5.3. Relationship between Pore Volume and Shale Oil

The adsorption effect of pore size on shale oil is mainly reflected in the physical properties, including shale pore volume and average pore diameter [67]. Because the pore size distribution of shale is wide, the average pore diameter is not representative in characterizing pore size, so the pore volume is used to analyze the influence of physical properties on shale oil adsorption. The correlation diagram of pore volume with free oil, adsorbed oil, and the proportion of adsorbed oil shows that, with the increase in pore volume, the adsorbed oil and free oil content increases, but the proportion of adsorbed oil decreases. On the other hand, the proportion of free oil increases with the increase in pore volume, and the movable proportion of the shale oil is higher (Figure 15a–c). Previous studies have demonstrated that the pore volume, macropore proportion, and microfractures of laminated felsic shales and laminated mixed shales are more developed than in other lithofacies of the Ek2 shales in the Cangdong Sag, with large pore throats and strong connectivity, which guarantees a reservoir space for the occurrence and enrichment of shale oil [19,20]. Therefore, these two lithofacies have obvious advantages in reservoir physical properties, pore structure, and pore connectivity and have better occurrence ability for shale oil. The plot shows that the correlation between adsorbed oil content and pore specific surface area is not obvious (Figure 15d). The reasons for this are that the adsorbed oil content obtained from MIS pyrolysis not only is adsorbed on the pore surface, but also occurs in kerogen in a dissolved state, and that the pores of lacustrine shale show the characteristics of mixed wetting, and hydrocarbon adsorption does not occur on the surface of some water-wet pores, which makes the correlation between specific surface area and adsorbed oil content not obvious.
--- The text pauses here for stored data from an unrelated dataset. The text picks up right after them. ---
Definition Owns (N : positive) (K : nat) (i m : nat) (p : positive) : Prop :=
  exists a b c d, admissible K a b c d /\ p = cell N K a b c d /\
    ((a = i /\ b = m) \/ (c = i /\ d = m)).

Lemma Owns_Tok N K i m p : Owns N K i m p -> Tok N K p.
Proof. intros (a & b & c & d & Ha & Hp & _). exists a, b, c, d; auto. Qed.

Lemma Tok_gt N K p : Tok N K p -> (N < p)%positive.
Proof. intros (a & b & c & d & _ & ->). apply cell_gt. Qed.

Lemma Owns_uniq N K i m m' p : Owns N K i m p -> Owns N K i m' p -> m = m'.
Proof.
  intros (a & b & c & d & (Ha & Hb & Hc & Hd & Hac) & -> & H)
         (a' & b' & c' & d' & (Ha' & Hb' & Hc' & Hd' & _) & E & H').
  unfold cell in E. apply SuccNat2Pos.inj, Nat.add_cancel_l, enc_inj in E; auto.
  destruct E as (<- & <- & <- & <-).
  destruct H as [[] | []], H' as [[] | []]; subst; auto. symmetry; auto.
Qed.

Lemma Owns_pair N K i m i' m' : i < K -> m < K -> i' < K -> m' < K ->
  ~ (i = i' /\ m <> m') -> exists p, Owns N K i m p /\ Owns N K i' m' p.
Proof.
  intros Hi Hm Hi' Hm' Hne. exists (cell N K i m i' m').
  assert (Hadm : admissible K i m i' m') by (repeat split; auto; lia).
  split; exists i, m, i', m'; auto.
Qed.

Definition token_heap (h : Heap) (N : positive) (K : nat) : Heap.
Proof.
  refine (exist _ (fun p => if dec (p <= N)%positive then hval h p
                            else if dec (Tok N K p) then Some 0%Z else None) _).
  set (B := Pos.to_nat N + (K + K * (K + K * (K + K * K)))).
  exists (Pos.of_succ_nat B). intros p Hp. pose proof (SuccNat2Pos.id_succ B).
  destruct (dec _) as [Hle|_]; [lia|].
  destruct (dec _) as [HT|_]; auto. exfalso.
  destruct HT as (a & b & c & d & (Ha & Hb & Hc & Hd & _) & ->). unfold cell in Hp.
  pose proof (enc_le K a b c d Ha Hb Hc Hd).
  pose proof (SuccNat2Pos.id_succ (Pos.to_nat N + enc K a b c d)). lia.
Defined.

Lemma token_heap_low h N K p : (p <= N)%positive -> hval (token_heap h N K) p = hval h p.
Proof. intro H. simpl. destruct (dec _); tauto. Qed.

Lemma token_heap_tok h N K p : Tok N K p -> hval (token_heap h N K) p = Some 0%Z.
Proof.
  intro H. pose proof (Tok_gt _ _ _ H). simpl. destruct (dec _); [lia|].
  destruct (dec _); tauto.
Qed.

(* Given h, heaps hi i below h satisfying the pure parts of the conjuncts, and a
   bound N of the domain of h, we build an environment rho and a state whose conjunct i splits
   as a frame (hi i in the first M_i components) plus one piece per slot (i, m): the rest of h
   in component m, and the tokens of (i, m) in component 0.  Component 0 of the state is h
   together with all tokens, the other components are h. *)
Section Witness.
Variables (Prim : Type) (primSem : Prim -> (nat -> Z) -> Heap -> Prop) (eta : nat -> Z)
  (lhs : list (assn Prim * list nat)) (n : nat) (h : Heap) (hi : nat -> Heap) (N : positive).

Local Notation d := (@ATrue Prim, @nil nat).
Local Notation pure i := (fst (nth i lhs d)).
Local Notation vars i := (snd (nth i lhs d)).

Hypothesis two_le_n : 2 <= n.
Hypothesis vars_le_n : forall p, In p lhs -> length (snd p) <= n.
Hypothesis h_bounded : forall p, (N < p)%positive -> hval h p = None.
Hypothesis hi_below : forall i, i < length lhs -> hext (hi i) h.

Lemma h_low p v : hval h p = Some v -> (p <= N)%positive.
Proof.
  intro Hv. destruct (dec (p <= N)%positive) as [| Hgt]; auto.
  rewrite h_bounded in Hv by lia. congruence.
Qed.

Lemma slot_bound i m : i < length lhs -> m < length (vars i) -> m < n.
Proof. intros Hi Hm. pose proof (vars_le_n _ (nth_In lhs d Hi)). lia. Qed.

(* All conjunct and slot indices are digits below the base. *)
Definition token_base : nat := length lhs + n + 1.

Definition big_heap : Heap := token_heap h N token_base.

Definition cells (P : {k : nat | k < n} -> positive -> Prop) : Tup n :=
  fun k => restr big_heap (P k).

Definition state_cells (k : {k : nat | k < n}) (p : positive) : Prop :=
  (p <= N)%positive \/ proj1_sig k = 0.

Definition slot_cells (i m : nat) (k : {k : nat | k < n}) (p : positive) : Prop :=
  ((p <= N)%positive /\ proj1_sig k = m /\ hval (hi i) p = None) \/
  (proj1_sig k = 0 /\ Owns N token_base i m p).

Definition frame_cells (i : nat) (k : {k : nat | k < n}) (p : positive) : Prop :=
  ((p <= N)%positive /\ ~ (proj1_sig k < length (vars i) /\ hval (hi i) p = None)) \/
  (proj1_sig k = 0 /\ (N < p)%positive /\
     ~ exists m, m < length (vars i) /\ Owns N token_base i m p).

Definition slot_in (c : nat) (B : Tup n) (s : nat * nat) : Prop :=
  fst s < length lhs /\ snd s < length (vars (fst s)) /\ nth (snd s) (vars (fst s)) 0 = c /\
  forall k, hext (cells (slot_cells (fst s) (snd s)) k) (B k).

Definition witness_rho (c : nat) (B : Tup n) : Prop := exists s, slot_in c B s.

Lemma witness_rho_upclosed c : upclosed (witness_rho c).
Proof.
  intros B B' [s (Hi & Hm & Hc & HB)] Hext. exists s; repeat split; auto.
  intros k p v Hv. apply Hext, HB, Hv.
Qed.

(* The frame of conjunct i contains hi i in every component, so it satisfies phi_i. *)
Lemma frame_sem i : i < length lhs -> varfree (pure i) -> sem1 primSem eta (pure i) (hi i) ->
  sem primSem eta witness_rho (pure i) (cells (frame_cells i)).
Proof.
  intros Hi Hvf Hs. apply varfree_sem_lift with (h := hi i); auto.
  intros k p v Hv. assert (Hh := hi_below i Hi p v Hv). assert (Hp := h_low p v Hh).
  unfold cells, big_heap. rewrite restr_in, token_heap_low; auto.
  left; split; auto. intros [_ E]; congruence.
Qed.

Lemma frame_slot_disjoint i m k p :
  m < length (vars i) -> ~ (frame_cells i k p /\ slot_cells i m k p).
Proof.
  intros Hm [[[Hp Hnot] | (Hk & Hp & Hno)] [(Hp' & Hk' & Hh') | (Hk' & Ho)]].
  - apply Hnot; split; [lia | auto].
  - pose proof (Tok_gt _ _ _ (Owns_Tok _ _ _ _ _ Ho)). lia.
  - lia.
  - apply Hno; exists m; auto.
Qed.

Lemma slot_cells_disjoint i m m' k p : slot_cells i m k p -> slot_cells i m' k p -> m = m'.
Proof.
  intros [(Hp & Hk & _) | (Hk & Ho)] [(Hp' & Hk' & _) | (Hk' & Ho')].
  - lia.
  - pose proof (Tok_gt _ _ _ (Owns_Tok _ _ _ _ _ Ho')). lia.
  - pose proof (Tok_gt _ _ _ (Owns_Tok _ _ _ _ _ Ho)). lia.
  - eapply Owns_uniq; eauto.
Qed.

Lemma state_cells_split i k p : state_cells k p <->
  frame_cells i k p \/ exists m, m < length (vars i) /\ slot_cells i m k p.
Proof.
  unfold state_cells, frame_cells, slot_cells. split.
  - intro Hk. destruct (dec (p <= N)%positive) as [Hle | Hgt].
    + destruct (dec (proj1_sig k < length (vars i) /\ hval (hi i) p = None))
        as [[Hk1 Hh1] | Hno]; [right; exists (proj1_sig k) | left; left]; auto.
    + destruct Hk as [Hk | Hk]; [lia |].
      destruct (dec (exists m, m < length (vars i) /\ Owns N token_base i m p))
        as [(m & Hm & Ho) | Hno]; [right; exists m; auto | left; right; repeat split; auto; lia].
  - intros [[[Hle _] | [Hk0 _]] | (m & _ & [[Hle _] | [Hk0 _]])]; auto.
Qed.

Lemma conjunct_sem i : i < length lhs -> varfree (pure i) -> sem1 primSem eta (pure i) (hi i) ->
  sem primSem eta witness_rho (star_vars (pure i) (vars i)) (cells state_cells).
Proof.
  intros Hi Hvf Hs.
  apply star_vars_intro with (Hb := big_heap) (PF := frame_cells i) (PT := slot_cells i).
  - intros m Hm. exists (i, m); repeat split; auto. intros k p v H; exact H.
  - apply frame_sem; auto.
  - intros m k p Hm. apply frame_slot_disjoint; auto.
  - intros m m' k p _ _. apply slot_cells_disjoint.
  - intros k p. apply state_cells_split.
Qed.

Lemma witness_lhs :
  (forall p, In p lhs -> varfree (fst p)) ->
  (forall i, i < length lhs -> sem1 primSem eta (pure i) (hi i)) ->
  sem primSem eta witness_rho (can_lhs lhs) (cells state_cells).
Proof.
  intros Hvf Hs. apply big_and_intro. intros x Hx.
  apply in_map_iff in Hx as [pr [<- Hpr]].
  destruct (In_nth _ _ d Hpr) as [i [Hi <-]].
  apply conjunct_sem; auto.
Qed.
In addition, although some samples have a large specific surface area, a low TOC content shows that the specific surface area of shale is mainly controlled by inorganic minerals, and the pore surface of inorganic minerals is not necessarily adsorbed by shale oil, so the adsorbed oil content is still low.
There were few studies on the effect of temperature and pressure on the adsorption performance of shale oil, Wang et al. (2022) analyzed the effect of different temperature and pressure conditions on the adsorbed oil content using molecular simulation models [67]. The results show that, with the increase in temperature, the movement of alkane molecules is more violent, and it is easier to separate and desorb from the surface of organic matter, so the adsorption amount decreases. The thermal desorption treatment of the physical adsorption effect (dominated by van der Waals force) is based on this principle. In addition, as the temperature increases, the viscosity of oil will be significantly reduced, fluidity will be enhanced, and the adsorbed oil content will also be reduced. Molecular simulation technology results show that pressure has little effect on shale oil adsorption, but pressure as a driving force can significantly promote the mobility or recoverability of shale oil [67]. The increase in pressure under geological conditions can increase the dissolved gas content of shale oil, which has a significant effect on the adsorption of shale oil [4]. With the increase in gas content, the ratio of gas to oil in shale oil increases, and the viscosity and crude oil density decrease continuously, which can significantly improve the flow performance. Molecular dynamics simulation also confirmed that, with the increase in small molecular hydrocarbon content, the adsorption content gradually decreased, and the fluidity increased [68]. Therefore, pressure or overpressure has been considered a factor affecting shale oil mobility in some studies [4,69].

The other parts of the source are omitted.